(* Let $\mathcal{A}$ be a finite totally ordered alphabet and let $\mathbf{Ch}(\mathcal{A})$ be the Chinese monoid over $\mathcal{A}$. Then $\mathbf{Ch}(\mathcal{A})$ is of type 1: for every function $\sigma:\mathcal{A}\to\mathbb{N}_{\geq 2}$, the map $\phi_\sigma=\theta\times\operatorname{ev}_\sigma:\mathbf{Ch}(\mathcal{A},\sigma)\to \mathbf{Ch}(\mathcal{A},2)\times\mathbf{Com}(\mathcal{A},\sigma)$ is injective.
   Context: The Chinese monoid $\mathbf{Ch}(\mathcal{A})$ is the quotient of the free monoid $\mathcal{A}^*$ by the relations $cba=cab=bca$ for $a<b<c$, and $aba=baa$, $bba=bab$ for $a<b$ ($a,b,c\in\mathcal{A}$). For $\sigma:\mathcal{A}\to\mathbb{N}_{\geq2}$, $\mathbf{Ch}(\mathcal{A},\sigma)$ is the quotient of $\mathbf{Ch}(\mathcal{A})$ obtained by adding the relations $a^{\sigma(a)}=a$ for every $a\in\mathcal{A}$; $\mathbf{Ch}(\mathcal{A},2)$ is the case where $\sigma$ is constant equal to $2$. $\mathbf{Com}(\mathcal{A},\sigma)$ is the quotient of the free commutative monoid on $\mathcal{A}$ by the relations $a^{\sigma(a)}=a$, $a\in\mathcal{A}$. The maps $\theta:\mathbf{Ch}(\mathcal{A},\sigma)\to\mathbf{Ch}(\mathcal{A},2)$ and $\operatorname{ev}_\sigma:\mathbf{Ch}(\mathcal{A},\sigma)\to\mathbf{Com}(\mathcal{A},\sigma)$ are the natural surjective morphisms (induced by the identity on $\mathcal{A}$), and $\phi_\sigma(x)=(\theta(x),\operatorname{ev}_\sigma(x))$. *)

From mathcomp Require Import all_boot all_order.
Set Implicit Arguments. Unset Strict Implicit. Unset Printing Implicit Defensive.
Import Order.TTheory.
Local Open Scope order_scope.

(* Monoids presented as quotients of the free monoid seq A by the congruence
   generated by a set of defining relations R (pairs of words). *)
Section Pres.
Variable A : Type.
Variable R : seq A -> seq A -> Prop.

Inductive cong : seq A -> seq A -> Prop :=
| cong_step u v l r : R l r -> cong (u ++ l ++ v) (u ++ r ++ v)
| cong_refl x : cong x x
| cong_sym x y : cong x y -> cong y x
| cong_trans x y z : cong x y -> cong y z -> cong x z.
End Pres.

Section Chinese.
Variables (d : Order.disp_t) (A : finOrderType d).

Inductive ch_rel : seq A -> seq A -> Prop :=
| ch_cba_cab a b c : a < b -> b < c -> ch_rel [:: c; b; a] [:: c; a; b]
| ch_cab_bca a b c : a < b -> b < c -> ch_rel [:: c; a; b] [:: b; c; a]
| ch_aba_baa a b : a < b -> ch_rel [:: a; b; a] [:: b; a; a]
| ch_bba_bab a b : a < b -> ch_rel [:: b; b; a] [:: b; a; b].

Inductive pow_rel (sigma : A -> nat) : seq A -> seq A -> Prop :=
| pow_r a : pow_rel sigma (nseq (sigma a) a) [:: a].

Definition chs_rel (sigma : A -> nat) (x y : seq A) : Prop :=
  ch_rel x y \/ pow_rel sigma x y.

Inductive comm_rel : seq A -> seq A -> Prop :=
| comm_r a b : comm_rel [:: a; b] [:: b; a].

Definition com_rel (sigma : A -> nat) (x y : seq A) : Prop :=
  comm_rel x y \/ pow_rel sigma x y.

Definition ChEq (sigma : A -> nat) := cong (chs_rel sigma).
Definition Ch2Eq := cong (chs_rel (fun _ => 2%N)).
Definition ComEq (sigma : A -> nat) := cong (com_rel sigma).
End Chinese.

(* For sigma >= 2, doubling one occurrence of a letter a in a word is a
   well defined operation on Ch(A, sigma): the square slides, a a u a = a u a a, so it
   does not matter which occurrence is doubled, and doubling respects every defining
   relation. These doublings commute, and doubling a letter a some multiple of
   sigma(a) - 1 times in a row does nothing. Since Ch(A, 2) is Ch(A, sigma) modulo a a = a, words
   equal in Ch(A, 2) become equal in Ch(A, sigma) after doubling letters according to
   some s and t. Equality in Com(A, sigma) fixes the support and the letter counts modulo
   sigma(b) - 1, so s and t agree modulo sigma(b) - 1 on the support, and one further
   padding of doublings cancels both. *)

From mathcomp Require Import all_boot all_order zify.
Set Implicit Arguments. Unset Strict Implicit. Unset Printing Implicit Defensive.
Import Order.TTheory.

Section Congruence.
Variables (A : Type) (R : seq A -> seq A -> Prop).

Lemma cong_rel l r : R l r -> cong R l r.
Proof. by move=> H; have := cong_step [::] [::] H; rewrite /= !cats0. Qed.

Lemma cong_ctx p q l r : cong R l r -> cong R (p ++ l ++ q) (p ++ r ++ q).
Proof.
elim=> [u v l' r' H | x | x y _ IH | x y z _ IH1 _ IH2].
- by have := cong_step (p ++ u) (v ++ q) H; rewrite -!catA.
- exact: cong_refl.
- exact: cong_sym.
- exact: cong_trans IH2.
Qed.

Lemma cong_catl p l r : cong R l r -> cong R (p ++ l) (p ++ r).
Proof. by move/(cong_ctx p [::]); rewrite !cats0. Qed.

Lemma cong_catr q l r : cong R l r -> cong R (l ++ q) (r ++ q).
Proof. exact: cong_ctx [::] q l r. Qed.

Lemma cong_invariant (T : Type) (f : seq A -> T) :
  (forall u v l r, R l r -> f (u ++ l ++ v) = f (u ++ r ++ v)) ->
  forall x y, cong R x y -> f x = f y.
Proof. by move=> fR x y; elim=> [u v l r /fR | | ? ? _ -> | ? ? ? _ -> _ ->]. Qed.

End Congruence.

Section CountClass.
Variable A : eqType.

(* With m = sigma b - 1 and b ranging over A, these classes determine the image of w
   in Com(A, sigma). *)
Definition count_class (b : A) (m : nat) (w : seq A) := (b \in w, count_mem b w %% m).

Lemma count_class_ctx b m u v l r : count_class b m l = count_class b m r ->
  count_class b m (u ++ l ++ v) = count_class b m (u ++ r ++ v).
Proof.
case=> mem_lr count_lr; rewrite /count_class !mem_cat !count_cat mem_lr.
by rewrite addnCA [in RHS]addnCA -modnDml count_lr modnDml.
Qed.

Lemma perm_count_class b m l r : perm_eq l r -> count_class b m l = count_class b m r.
Proof. by move=> lr; rewrite /count_class (perm_mem lr) (permP lr). Qed.

End CountClass.

Section ChineseMonoid.
Variables (d : Order.disp_t) (A : finOrderType d) (sigma : A -> nat).
Hypothesis sigma_ge2 : forall a : A, 2 <= sigma a.

Local Notation "u ≡ v" := (cong (chs_rel sigma) u v) (at level 70, no associativity).
Implicit Types (a b c x y z : A) (u v w p q l r s t : seq A).

Lemma ch_cba_cab_eq a b c : (a < b)%O -> (b < c)%O -> [:: c; b; a] ≡ [:: c; a; b].
Proof. by move=> ab bc; apply/cong_rel; left; constructor. Qed.

Lemma ch_cab_bca_eq a b c : (a < b)%O -> (b < c)%O -> [:: c; a; b] ≡ [:: b; c; a].
Proof. by move=> ab bc; apply/cong_rel; left; constructor. Qed.

Lemma ch_aba_baa_eq a b : (a < b)%O -> [:: a; b; a] ≡ [:: b; a; a].
Proof. by move=> ab; apply/cong_rel; left; constructor. Qed.

Lemma ch_bba_bab_eq a b : (a < b)%O -> [:: b; b; a] ≡ [:: b; a; b].
Proof. by move=> ab; apply/cong_rel; left; constructor. Qed.

Lemma ch_pow_eq a : nseq (sigma a) a ≡ [:: a].
Proof. by apply/cong_rel; right; constructor. Qed.

Lemma cancel_square_l a w w' : a :: a :: w ≡ a :: a :: w' -> a :: w ≡ a :: w'.
Proof.
have pow_a : nseq (sigma a) a = nseq (sigma a - 2) a ++ [:: a; a].
  by rewrite -[[:: a; a]]/(nseq 2 a) -nseqD subnK.
move=> H; have pow_w u : nseq (sigma a - 2) a ++ a :: a :: u ≡ a :: u.
  by have := cong_catr u (ch_pow_eq a); rewrite pow_a -catA.
apply: cong_trans (pow_w w'); apply: cong_trans (cong_sym (pow_w w)) _.
exact: cong_catl.
Qed.

Lemma cancel_square_r a w w' : w ++ [:: a; a] ≡ w' ++ [:: a; a] -> w ++ [:: a] ≡ w' ++ [:: a].
Proof.
have pow_a : nseq (sigma a) a = [:: a; a] ++ nseq (sigma a - 2) a.
  by rewrite -[[:: a; a]]/(nseq 2 a) -nseqD addnC subnK.
move=> H; have pow_w u : (u ++ [:: a; a]) ++ nseq (sigma a - 2) a ≡ u ++ [:: a].
  by have := cong_catl u (ch_pow_eq a); rewrite pow_a catA.
apply: cong_trans (pow_w w'); apply: cong_trans (cong_sym (pow_w w)) _.
exact: cong_catr.
Qed.

Lemma ch_caba_caab a b c : (a < b)%O -> (b < c)%O -> [:: c; a; b; a] ≡ [:: c; a; a; b].
Proof.
move=> ab bc; have ac := lt_trans ab bc; apply: cancel_square_l.
apply: (cong_trans (y := [:: c; a; c; b; a])); first exact: cong_catr (ch_bba_bab_eq ac).
apply: (cong_trans (y := [:: c; a; c; a; b])).
  exact: (cong_catl [:: c; a] (ch_cba_cab_eq ab bc)).
exact: cong_catr (cong_sym (ch_bba_bab_eq ac)).
Qed.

• **Exercise instructions**
From the data above, reproduce word for word the lines running from the line with "Inductive ch_rel : seq" to the line with "b; a] [:: b; a; b].", ends included.

• **Reply**
Inductive ch_rel : seq A -> seq A -> Prop :=
| ch_cba_cab a b c : a < b -> b < c -> ch_rel [:: c; b; a] [:: c; a; b]
| ch_cab_bca a b c : a < b -> b < c -> ch_rel [:: c; a; b] [:: b; c; a]
| ch_aba_baa a b : a < b -> ch_rel [:: a; b; a] [:: b; a; a]
| ch_bba_bab a b : a < b -> ch_rel [:: b; b; a] [:: b; a; b].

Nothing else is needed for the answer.